Only the methods that help to make clear how the interepreter
works will be shown."

Object subclass: #Template
       instanceVariableNames: 'expressions'
       classVariableNames: ''
       poolDictionaries: ''
       category: ''

"This is the basic unit of Smalltalk object code. It
represents a single message as an Array of expressions
containing the selector, the receiver and the arguments
of the message.

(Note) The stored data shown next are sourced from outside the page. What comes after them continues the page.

Lemma gtransE g a x : gtrans g a x = a (g^-1 * x)%g.
Proof. by rewrite ffunE. Qed.

Lemma gtransM g h a : gtrans (g * h) a = gtrans g (gtrans h a).
Proof. by apply/ffunP => x; rewrite !ffunE invMg mulgA. Qed.

Lemma gtransC g h a : commute g h -> gtrans g (gtrans h a) = gtrans h (gtrans g a).
Proof. by move=> gh; rewrite -!gtransM gh. Qed.

Lemma ZG_mulrnI n a b : (0 < n)%N -> a *+ n = b *+ n -> a = b.
Proof.
move=> n_gt0 e; apply/ffunP => x; move/(congr1 (fun c : ZG T => c x)): e.
by rewrite !ffunMnE => /(pmulrnI n_gt0).
Qed.

Lemma gmul_NHel (A : {set T}) r : gmul (NHel A) r = \sum_(h in A) gtrans h r.
Proof.
apply/ffunP => x; rewrite !ffunE sum_ffunE [RHS]big_mkcond /=.
by apply: eq_bigr => h _; rewrite !ffunE; case: (h \in A); rewrite ?mul1r ?mul0r.
Qed.

Lemma gmulr0 a : gmul a 0 = 0.
Proof. by apply/ffunP => x; rewrite !ffunE big1 // => h _; rewrite ffunE mulr0. Qed.

End GroupRing.

Section CosetRing.
Variables (gT : finGroupType) (H : {group gT}).
Hypothesis nH : forall x : gT, x \in 'N(H)%g.

Definition ZG_invariant (y : ZG gT) := forall h, h \in H -> gtrans h y = y.

Definition inflate (u : ZG (coset_of H)) : ZG gT := [ffun x => u (coset H x)].

Definition deflate (y : ZG gT) : ZG (coset_of H) :=
  [ffun c : coset_of H => y (repr (c : {set gT}))].

Definition coset_sum (r : ZG gT) : ZG (coset_of H) :=
  [ffun c : coset_of H => \sum_(x | coset H x == c) r x].

Fact inflate_is_zmod_morphism : zmod_morphism inflate.
Proof. by move=> u v; apply/ffunP => x; rewrite !ffunE. Qed.

HB.instance Definition _ :=
  GRing.isZmodMorphism.Build _ _ inflate inflate_is_zmod_morphism.

Fact deflate_is_zmod_morphism : zmod_morphism deflate.
Proof. by move=> u v; apply/ffunP => x; rewrite !ffunE. Qed.

HB.instance Definition _ :=
  GRing.isZmodMorphism.Build _ _ deflate deflate_is_zmod_morphism.

Fact coset_sum_is_zmod_morphism : zmod_morphism coset_sum.
Proof.
move=> u v; apply/ffunP => c; rewrite !ffunE -sumrB.
by apply: eq_bigr => x _; rewrite !ffunE.
Qed.

HB.instance Definition _ :=
  GRing.isZmodMorphism.Build _ _ coset_sum coset_sum_is_zmod_morphism.

Lemma cosetM x y : coset H (x * y)%g = (coset H x * coset H y)%g.
Proof. exact: morphM. Qed.

Lemma cosetV x : coset H x^-1%g = (coset H x)^-1%g.
Proof. exact: morphV. Qed.

Lemma coset_eqP x y : reflect (coset H x = coset H y) ((x * y^-1)%g \in H).
Proof.
apply: (iffP idP) => [xyH|e].
  by rewrite -(mulgKV y x) cosetM (coset_id xyH) mul1g.
by apply: coset_idr => //; rewrite cosetM cosetV e mulgV.
Qed.

Lemma ZG_invariant_coset y x x' :
  ZG_invariant y -> coset H x = coset H x' -> y x = y x'.
Proof.
move=> y_inv /coset_eqP xx'.
by have := congr1 (fun f : ZG gT => f x) (y_inv _ xx'); rewrite gtransE invMg invgK mulgKV.
Qed.

Lemma inflate_invariant u : ZG_invariant (inflate u).
Proof.
move=> h hH; apply/ffunP => x.
by rewrite gtransE !ffunE cosetM cosetV coset_id ?invg1 ?mul1g.
Qed.

Lemma inflateK : cancel inflate deflate.
Proof. by move=> u; apply/ffunP => c; rewrite !ffunE coset_reprK. Qed.

Lemma deflateK y : ZG_invariant y -> inflate (deflate y) = y.
Proof.
move=> y_inv; apply/ffunP => x; rewrite !ffunE; apply: ZG_invariant_coset => //.
by rewrite coset_reprK.
Qed.

Lemma inflate_inj : injective inflate.
Proof. exact: can_inj inflateK. Qed.

Lemma inflate_gtrans g u : inflate (gtrans (coset H g) u) = gtrans g (inflate u).
Proof. by apply/ffunP => x; rewrite !ffunE cosetM cosetV. Qed.

Lemma deflate_gtrans g y :
  ZG_invariant y -> deflate (gtrans g y) = gtrans (coset H g) (deflate y).
Proof.
move=> y_inv; apply/ffunP => c; rewrite !ffunE; apply: ZG_invariant_coset => //.
by rewrite cosetM cosetV !coset_reprK.
Qed.

Lemma coset_sum_gmul a b : coset_sum (gmul a b) = gmul (coset_sum a) (coset_sum b).
Proof.
apply/ffunP => c; rewrite !ffunE.
under eq_bigr => x _ do rewrite ffunE.
rewrite exchange_big /=.
under eq_bigr => h _ do rewrite -mulr_sumr.
under [RHS]eq_bigr => d _ do rewrite !ffunE mulr_suml.
rewrite [LHS](partition_big (coset H) predT) //=.
apply: eq_bigr => d _; apply: eq_bigr => h /eqP hd; congr (_ * _).
rewrite (reindex (fun y => h * y)%g) /=; last first.
  by exists (fun x => h^-1 * x)%g => y _; rewrite ?mulKg ?mulKVg.
apply: eq_big => [y|y _]; last by rewrite mulKg.
by rewrite cosetM hd -(inj_eq (mulgI d^-1%g)) mulKg.
Qed.

Lemma coset_sum_gone : coset_sum (gone gT) = gone (coset_of H).
Proof.
apply/ffunP => c; rewrite /gone !ffunE big_mkcond (bigD1 1%g) //= big1 => [|x nx1].
  by rewrite ffunE eqxx morph1 addr0 eq_sym; case: (c == 1%g).
by rewrite ffunE (negbTE nx1); case: ifP.
Qed.

Lemma coset_sum_gdet s (A : 'I_s -> 'I_s -> ZG gT) :
  coset_sum (gdet A) = gdet (fun i j => coset_sum (A i j)).
Proof.
rewrite /gdet raddf_sum; apply: eq_bigr => p _.
case: (odd_perm p); rewrite ?raddfN; try congr (- _);
  exact: (big_morph _ coset_sum_gmul coset_sum_gone).
Qed.

Lemma inflate_coset_sum r : inflate (coset_sum r) = gmul (NHel H) r.
Proof.
apply/ffunP => x; rewrite !ffunE.
rewrite [RHS](reindex (fun y => x * y^-1)%g) /=; last first.
  by exists (fun h => h^-1 * x)%g => y _; rewrite ?invMg ?invgK ?mulgKV ?mulKVg.
rewrite big_mkcond; apply: eq_bigr => y _.
rewrite !ffunE invMg invgK mulgKV.
case: (boolP ((x * y^-1)%g \in H)) => [/coset_eqP e|n]; first by rewrite e eqxx mul1r.
rewrite mul0r; case: eqP => // e; case/negP: n; apply/coset_eqP; by rewrite e.
Qed.

End CosetRing.

Lemma abelianT_commute (T : finGroupType) (g h : T) : abelian [set: T] -> commute g h.
Proof. by move/centsP/(_ g (finset.in_setT g) h (finset.in_setT h)). Qed.

Section DualAction.
Variables (T : finGroupType) (A : Type).

Fact dual_act_is_zmod_morphism (g : T) : zmod_morphism (@dual_act T A g).
Proof. by move=> f f'; apply/funext => x; rewrite /dual_act !fctE raddfB. Qed.

HB.instance Definition _ g :=
  GRing.isZmodMorphism.Build (A -> ZG T) (A -> ZG T) (dual_act g)
    (dual_act_is_zmod_morphism g).

Lemma dual_actM (g h : T) (f : A -> ZG T) :
  dual_act (g * h)%g f = dual_act g (dual_act h f).
Proof. by apply/funext => x; rewrite /dual_act gtransM. Qed.

Lemma dual_actC (g h : T) (f : A -> ZG T) :
  commute g h -> dual_act g (dual_act h f) = dual_act h (dual_act g f).
Proof. by move=> gh; rewrite -!dual_actM gh. Qed.

End DualAction.

Section Invariants.
Variables (T : finGroupType) (V : zmodType) (act : T -> V -> V) (S : V -> Prop).
Variable H : {set T}.

Lemma invar_closed : (forall g x y, act g (x - y) = act g x - act g y) ->
  zmod_closedP S -> zmod_closedP (invar act S H).
Proof.
move=> actB [S0 SB]; have act0 g : act g 0 = 0 by have := actB g 0 0; rewrite !subrr.
split => [|x y [Sx x_inv] [Sy y_inv]]; first by split=> // h _; apply: act0.
by split=> [|h hH]; [apply: SB | rewrite actB x_inv ?y_inv].
Qed.

Lemma invar_act g x : (forall h y, act g (act h y) = act h (act g y)) ->
  (forall y, S y -> S (act g y)) -> invar act S H x -> invar act S H (act g x).
Proof.
move=> actC Sact [Sx x_inv]; split=> [|h hH]; first exact: Sact.
by rewrite -actC x_inv.
Qed.

End Invariants.

Section Duals.
Variables (T : finGroupType) (V : zmodType) (act : T -> V -> V) (S : V -> Prop).
Implicit Types (f : V -> ZG T) (x : V).

Lemma dual_additive f : dual act S f -> additive_on S f.
Proof. by case=> [[]]. Qed.

Lemma dual_equivariant f g x : dual act S f -> S x -> f (act g x) = gtrans g (f x).
Proof. by case=> [[_ fA] _] Sx; apply: fA. Qed.

Lemma dual_out f x : dual act S f -> ~ S x -> f x = 0.
Proof. by case=> _ fO; apply: fO. Qed.

Lemma dual_closed : zmod_closedP (dual act S).
Proof.
split=> [|f f' [[fD fA] fO] [[f'D f'A] f'O]].
  by split=> [|x _]; [split=> [x y _ _|g x _] | ]; rewrite /= ?addr0 ?raddf0.
split=> [|x nSx]; last by rewrite !fctE fO ?f'O ?subr0.
split=> [x y Sx Sy|g x Sx]; rewrite !fctE ?fD ?f'D ?fA ?f'A ?raddfB //.
by rewrite opprD addrACA.
Qed.

Lemma dual_dual_act g f : abelian [set: T] -> dual act S f -> dual act S (dual_act g f).
Proof.
move=> abT [[fD fA] fO]; split=> [|x nSx]; last by rewrite /dual_act fO ?raddf0.
split=> [x y Sx Sy|h x Sx]; rewrite /dual_act ?fD ?fA ?raddfD //.
exact/gtransC/abelianT_commute.
Qed.

Lemma dual_coord f x g : dual act S f -> S x -> f x g = f (act g^-1 x) 1%g.
Proof. by move=> Df Sx; rewrite (dual_equivariant _ Df Sx) gtransE invgK mulg1. Qed.

Lemma dual_eq_coord1 f f' : (forall g x, S x -> S (act g x)) ->
  dual act S f -> dual act S f' -> (forall x, S x -> f x 1%g = f' x 1%g) -> f = f'.
Proof.
move=> Sact Df Df' e1; apply/funext => x.
have [Sx|nSx] := pselect (S x); last by rewrite (dual_out Df nSx) (dual_out Df' nSx).
apply/ffunP => g; rewrite [LHS](dual_coord _ Df Sx) [RHS](dual_coord _ Df' Sx).
by rewrite e1 //; apply: Sact.
Qed.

While the selector is a string, the
receiver and the arguments are themselves Templates,
forming a tree." !

! Template methodsFor: '' !

sender: context1 index: anInteger maxLex: context2
    "makes an ( almost ) clone of itself and
     saves the specified dynamic environment"
    | tmp |
    tmp <- MethodContext new.
    tmp sender: context1 index: anInteger maxLex: context2.
    tmp expressions: expressions shallowCopy.
    ^ tmp !

saveContext
    "the current environment is stored away for later"
    | |
    ^ self sender: CurrentProcess currentContext
           index: CurrentProcess index
           maxLex: CurrentProcess maxLex !

eval
    "creates a new context to determine the
     value of this code in the current environment"
    | |
    CurrentProcess dispatch: self saveContext !!


Template subclass: #ReplyTemplate
       instanceVariableNames: ''
       classVariableNames: ''
       poolDictionaries: ''
       category: '' 
       
"This class is for code which starts with the $^
character" !

! ReplyTemplate methodsFor: '' !

sender: context1 index: anInteger maxLex: context2
    "remember the home context, rather than
     the current one"
    | |
    ^ super sender: context2 sender
            index: context2 index
            maxLex: context2 !!


Template subclass: #SuperTemplate
       instanceVariableNames: ''
       classVariableNames: ''
       poolDictionaries: ''
       category: '' 
       
"This class represents code generated from
messages sent to super" !

! SuperTemplate methodsFor: '' !

sender: context1 index: anInteger maxLex: context2
    "the clone is a SuperContext"
    | tmp e |
    tmp <- SuperContext new.
    tmp sender: context1 index: anInteger maxLex: context2.
    e <- expressions shallowCopy.
    e at: 2 put: context2 receiver.
    tmp expressions: e.
    ^ tmp !!


Template subclass: #SelfTemplate
       instanceVariableNames: ''
       classVariableNames: ''
       poolDictionaries: ''
       category: '' 
       
"This class represents code generated from
messages sent to self" !

! SelfTemplate methodsFor: '' !

sender: context1 index: anInteger maxLex: context2
    "the receiver is the same as context2 receiver"
    | tmp e |
    tmp <- MethodContext new.
    tmp sender: context1 index: anInteger maxLex: context2.
    e <- expressions shallowCopy.
    e at: 2 put: context2 receiver.
    tmp expressions: e.
    ^ tmp !!


Template subclass: #HCTemplate
       instanceVariableNames: ''
       classVariableNames: ''
       poolDictionaries: ''
       category: '' 
       
"This class represents code generated from
messages sent to the home context" !

! HCTemplate methodsFor: '' !

sender: context1 index: anInteger maxLex: context2
    "the receiver is the sending context"
    | tmp e |
    tmp <- MethodContext new.
    tmp sender: context1 index: anInteger maxLex: context2.
    e <- expressions shallowCopy.
    e at: 2 put: context1.
    tmp expressions: e.
    ^ tmp !!


Template subclass: #LiteralTemplate
       instanceVariableNames: ''
       classVariableNames: ''
       poolDictionaries: ''
       category: '' 
       
"This class represents literal objects
in the source code. The expressions
instance variable contains a single
object ( of any kind ) rather than an
Array of Templates" !

! LiteralTemplate methodsFor: '' !

eval
    "this is easy: we already know the answer"
    | |
    CurrentProcess reply: expressions 
                   to: CurrentProcess currentContext
                   index: CurrentProcess index
                   maxLex: CurrentProcess maxLex !!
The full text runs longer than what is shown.